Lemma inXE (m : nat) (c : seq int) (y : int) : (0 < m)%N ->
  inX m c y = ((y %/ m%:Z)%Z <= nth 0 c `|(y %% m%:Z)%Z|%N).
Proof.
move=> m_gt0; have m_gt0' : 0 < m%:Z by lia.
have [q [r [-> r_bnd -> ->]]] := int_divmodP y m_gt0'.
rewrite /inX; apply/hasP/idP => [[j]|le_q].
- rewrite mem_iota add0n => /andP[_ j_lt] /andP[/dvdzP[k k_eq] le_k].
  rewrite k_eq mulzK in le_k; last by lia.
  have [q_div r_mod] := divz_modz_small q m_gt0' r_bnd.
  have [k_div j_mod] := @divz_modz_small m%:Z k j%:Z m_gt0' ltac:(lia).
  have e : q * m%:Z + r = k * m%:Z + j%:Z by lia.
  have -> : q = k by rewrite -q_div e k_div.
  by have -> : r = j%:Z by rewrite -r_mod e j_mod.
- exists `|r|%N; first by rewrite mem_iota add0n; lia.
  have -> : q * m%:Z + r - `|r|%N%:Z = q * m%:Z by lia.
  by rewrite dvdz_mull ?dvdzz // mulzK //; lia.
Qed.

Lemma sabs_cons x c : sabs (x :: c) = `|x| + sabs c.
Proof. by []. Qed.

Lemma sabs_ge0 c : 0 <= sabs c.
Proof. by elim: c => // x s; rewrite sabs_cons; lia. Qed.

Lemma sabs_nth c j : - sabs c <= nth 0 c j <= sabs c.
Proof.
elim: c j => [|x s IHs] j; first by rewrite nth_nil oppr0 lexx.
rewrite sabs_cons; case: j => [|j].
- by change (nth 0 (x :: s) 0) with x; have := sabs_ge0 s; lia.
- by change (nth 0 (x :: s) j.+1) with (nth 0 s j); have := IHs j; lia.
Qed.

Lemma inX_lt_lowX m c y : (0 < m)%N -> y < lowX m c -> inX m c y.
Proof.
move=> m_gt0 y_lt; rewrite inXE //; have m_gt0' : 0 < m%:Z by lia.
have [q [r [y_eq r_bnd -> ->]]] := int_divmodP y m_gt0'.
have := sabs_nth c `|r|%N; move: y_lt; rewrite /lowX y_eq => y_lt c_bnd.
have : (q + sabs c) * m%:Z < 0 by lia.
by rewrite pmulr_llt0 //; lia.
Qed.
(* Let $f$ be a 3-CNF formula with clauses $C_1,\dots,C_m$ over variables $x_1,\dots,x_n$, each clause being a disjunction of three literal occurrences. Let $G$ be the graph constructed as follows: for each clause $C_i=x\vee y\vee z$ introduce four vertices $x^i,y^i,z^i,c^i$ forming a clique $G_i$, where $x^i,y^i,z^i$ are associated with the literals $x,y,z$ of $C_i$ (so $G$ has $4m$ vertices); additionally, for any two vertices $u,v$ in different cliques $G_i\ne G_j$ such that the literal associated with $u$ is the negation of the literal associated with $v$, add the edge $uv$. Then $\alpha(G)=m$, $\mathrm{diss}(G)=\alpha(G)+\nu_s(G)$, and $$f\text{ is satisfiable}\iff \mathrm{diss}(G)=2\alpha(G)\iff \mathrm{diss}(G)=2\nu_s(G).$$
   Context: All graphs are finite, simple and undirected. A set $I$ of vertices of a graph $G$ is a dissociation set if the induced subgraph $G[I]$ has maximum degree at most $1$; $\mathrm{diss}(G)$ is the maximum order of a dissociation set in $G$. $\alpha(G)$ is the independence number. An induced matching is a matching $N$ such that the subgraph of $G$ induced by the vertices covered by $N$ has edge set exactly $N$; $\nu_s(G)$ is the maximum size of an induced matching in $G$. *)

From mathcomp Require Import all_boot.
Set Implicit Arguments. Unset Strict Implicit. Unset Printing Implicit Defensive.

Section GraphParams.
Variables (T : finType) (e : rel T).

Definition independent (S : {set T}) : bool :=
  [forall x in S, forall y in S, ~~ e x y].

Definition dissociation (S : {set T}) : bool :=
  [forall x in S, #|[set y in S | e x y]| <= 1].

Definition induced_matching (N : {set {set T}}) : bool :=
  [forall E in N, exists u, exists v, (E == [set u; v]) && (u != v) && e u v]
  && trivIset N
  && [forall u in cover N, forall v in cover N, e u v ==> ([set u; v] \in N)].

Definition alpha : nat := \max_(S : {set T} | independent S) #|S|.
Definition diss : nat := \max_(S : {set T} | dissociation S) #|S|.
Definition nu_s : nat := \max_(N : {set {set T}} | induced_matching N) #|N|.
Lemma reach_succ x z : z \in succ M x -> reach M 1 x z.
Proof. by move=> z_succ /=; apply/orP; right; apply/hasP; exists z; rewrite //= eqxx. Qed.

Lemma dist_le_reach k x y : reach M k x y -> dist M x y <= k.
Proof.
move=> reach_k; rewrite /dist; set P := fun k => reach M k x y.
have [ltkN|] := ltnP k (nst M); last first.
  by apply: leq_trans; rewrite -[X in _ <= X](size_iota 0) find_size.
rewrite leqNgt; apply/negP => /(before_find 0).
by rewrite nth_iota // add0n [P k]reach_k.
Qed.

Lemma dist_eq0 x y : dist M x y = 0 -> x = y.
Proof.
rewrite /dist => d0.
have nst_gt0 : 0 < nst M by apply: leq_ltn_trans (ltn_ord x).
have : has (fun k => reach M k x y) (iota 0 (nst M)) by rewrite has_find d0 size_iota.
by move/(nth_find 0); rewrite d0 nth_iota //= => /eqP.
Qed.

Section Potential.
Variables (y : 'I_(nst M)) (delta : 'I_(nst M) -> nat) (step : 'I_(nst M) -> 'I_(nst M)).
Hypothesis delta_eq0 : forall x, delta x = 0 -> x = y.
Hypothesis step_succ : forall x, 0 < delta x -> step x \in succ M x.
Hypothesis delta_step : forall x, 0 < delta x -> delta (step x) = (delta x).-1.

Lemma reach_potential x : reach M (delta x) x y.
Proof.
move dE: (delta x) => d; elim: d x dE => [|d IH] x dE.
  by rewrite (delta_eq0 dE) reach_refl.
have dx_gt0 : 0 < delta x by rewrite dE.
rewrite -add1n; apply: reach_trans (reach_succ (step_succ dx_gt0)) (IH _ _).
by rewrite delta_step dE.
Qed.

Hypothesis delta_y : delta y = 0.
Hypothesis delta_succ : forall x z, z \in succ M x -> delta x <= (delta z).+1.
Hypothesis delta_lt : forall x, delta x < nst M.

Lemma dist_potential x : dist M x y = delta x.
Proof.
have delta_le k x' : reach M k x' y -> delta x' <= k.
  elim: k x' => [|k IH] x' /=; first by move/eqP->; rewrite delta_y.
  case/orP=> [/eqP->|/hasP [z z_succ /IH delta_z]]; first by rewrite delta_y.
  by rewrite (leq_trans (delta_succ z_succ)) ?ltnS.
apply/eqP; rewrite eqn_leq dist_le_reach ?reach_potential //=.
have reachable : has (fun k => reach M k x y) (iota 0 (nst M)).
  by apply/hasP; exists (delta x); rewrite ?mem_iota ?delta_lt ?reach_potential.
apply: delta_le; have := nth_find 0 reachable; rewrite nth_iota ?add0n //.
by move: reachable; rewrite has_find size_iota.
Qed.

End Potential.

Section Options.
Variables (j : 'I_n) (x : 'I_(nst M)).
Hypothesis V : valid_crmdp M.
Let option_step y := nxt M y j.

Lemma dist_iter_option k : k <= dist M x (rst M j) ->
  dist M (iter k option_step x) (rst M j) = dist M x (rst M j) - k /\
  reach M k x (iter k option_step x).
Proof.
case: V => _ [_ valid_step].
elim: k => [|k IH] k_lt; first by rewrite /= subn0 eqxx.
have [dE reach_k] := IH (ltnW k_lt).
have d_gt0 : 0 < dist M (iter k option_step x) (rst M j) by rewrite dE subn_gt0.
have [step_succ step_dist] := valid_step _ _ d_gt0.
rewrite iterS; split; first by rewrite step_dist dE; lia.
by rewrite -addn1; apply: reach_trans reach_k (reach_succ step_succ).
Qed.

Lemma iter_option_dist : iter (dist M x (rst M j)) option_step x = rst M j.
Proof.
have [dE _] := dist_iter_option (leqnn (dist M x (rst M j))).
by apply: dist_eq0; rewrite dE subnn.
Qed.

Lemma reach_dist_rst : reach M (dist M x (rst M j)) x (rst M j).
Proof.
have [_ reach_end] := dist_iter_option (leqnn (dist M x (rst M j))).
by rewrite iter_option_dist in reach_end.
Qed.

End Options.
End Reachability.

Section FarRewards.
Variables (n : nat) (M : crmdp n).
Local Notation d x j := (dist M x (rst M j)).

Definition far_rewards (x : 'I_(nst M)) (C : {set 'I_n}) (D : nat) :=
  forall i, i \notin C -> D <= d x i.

_ _ _

◆ ABOUT THIS EXERCISE: Among the records above, repeat exactly the line with "Definition alpha : nat", the line with "apply/eqP; rewrite eqn_leq", and every line in between, and only those.

◆ EXERCISE SOLUTION:
Definition alpha : nat := \max_(S : {set T} | independent S) #|S|.
Definition diss : nat := \max_(S : {set T} | dissociation S) #|S|.
Definition nu_s : nat := \max_(N : {set {set T}} | induced_matching N) #|N|.
Lemma reach_succ x z : z \in succ M x -> reach M 1 x z.
Proof. by move=> z_succ /=; apply/orP; right; apply/hasP; exists z; rewrite //= eqxx. Qed.

Lemma dist_le_reach k x y : reach M k x y -> dist M x y <= k.
Proof.
move=> reach_k; rewrite /dist; set P := fun k => reach M k x y.
have [ltkN|] := ltnP k (nst M); last first.
  by apply: leq_trans; rewrite -[X in _ <= X](size_iota 0) find_size.
rewrite leqNgt; apply/negP => /(before_find 0).
by rewrite nth_iota // add0n [P k]reach_k.
Qed.

Lemma dist_eq0 x y : dist M x y = 0 -> x = y.
Proof.
rewrite /dist => d0.
have nst_gt0 : 0 < nst M by apply: leq_ltn_trans (ltn_ord x).
have : has (fun k => reach M k x y) (iota 0 (nst M)) by rewrite has_find d0 size_iota.
by move/(nth_find 0); rewrite d0 nth_iota //= => /eqP.
Qed.

Section Potential.
Variables (y : 'I_(nst M)) (delta : 'I_(nst M) -> nat) (step : 'I_(nst M) -> 'I_(nst M)).
Hypothesis delta_eq0 : forall x, delta x = 0 -> x = y.
Hypothesis step_succ : forall x, 0 < delta x -> step x \in succ M x.
Hypothesis delta_step : forall x, 0 < delta x -> delta (step x) = (delta x).-1.

Lemma reach_potential x : reach M (delta x) x y.
Proof.
move dE: (delta x) => d; elim: d x dE => [|d IH] x dE.
  by rewrite (delta_eq0 dE) reach_refl.
have dx_gt0 : 0 < delta x by rewrite dE.
rewrite -add1n; apply: reach_trans (reach_succ (step_succ dx_gt0)) (IH _ _).
by rewrite delta_step dE.
Qed.

Hypothesis delta_y : delta y = 0.
Hypothesis delta_succ : forall x z, z \in succ M x -> delta x <= (delta z).+1.
Hypothesis delta_lt : forall x, delta x < nst M.

Lemma dist_potential x : dist M x y = delta x.
Proof.
have delta_le k x' : reach M k x' y -> delta x' <= k.
  elim: k x' => [|k IH] x' /=; first by move/eqP->; rewrite delta_y.
  case/orP=> [/eqP->|/hasP [z z_succ /IH delta_z]]; first by rewrite delta_y.
  by rewrite (leq_trans (delta_succ z_succ)) ?ltnS.
apply/eqP; rewrite eqn_leq dist_le_reach ?reach_potential //=.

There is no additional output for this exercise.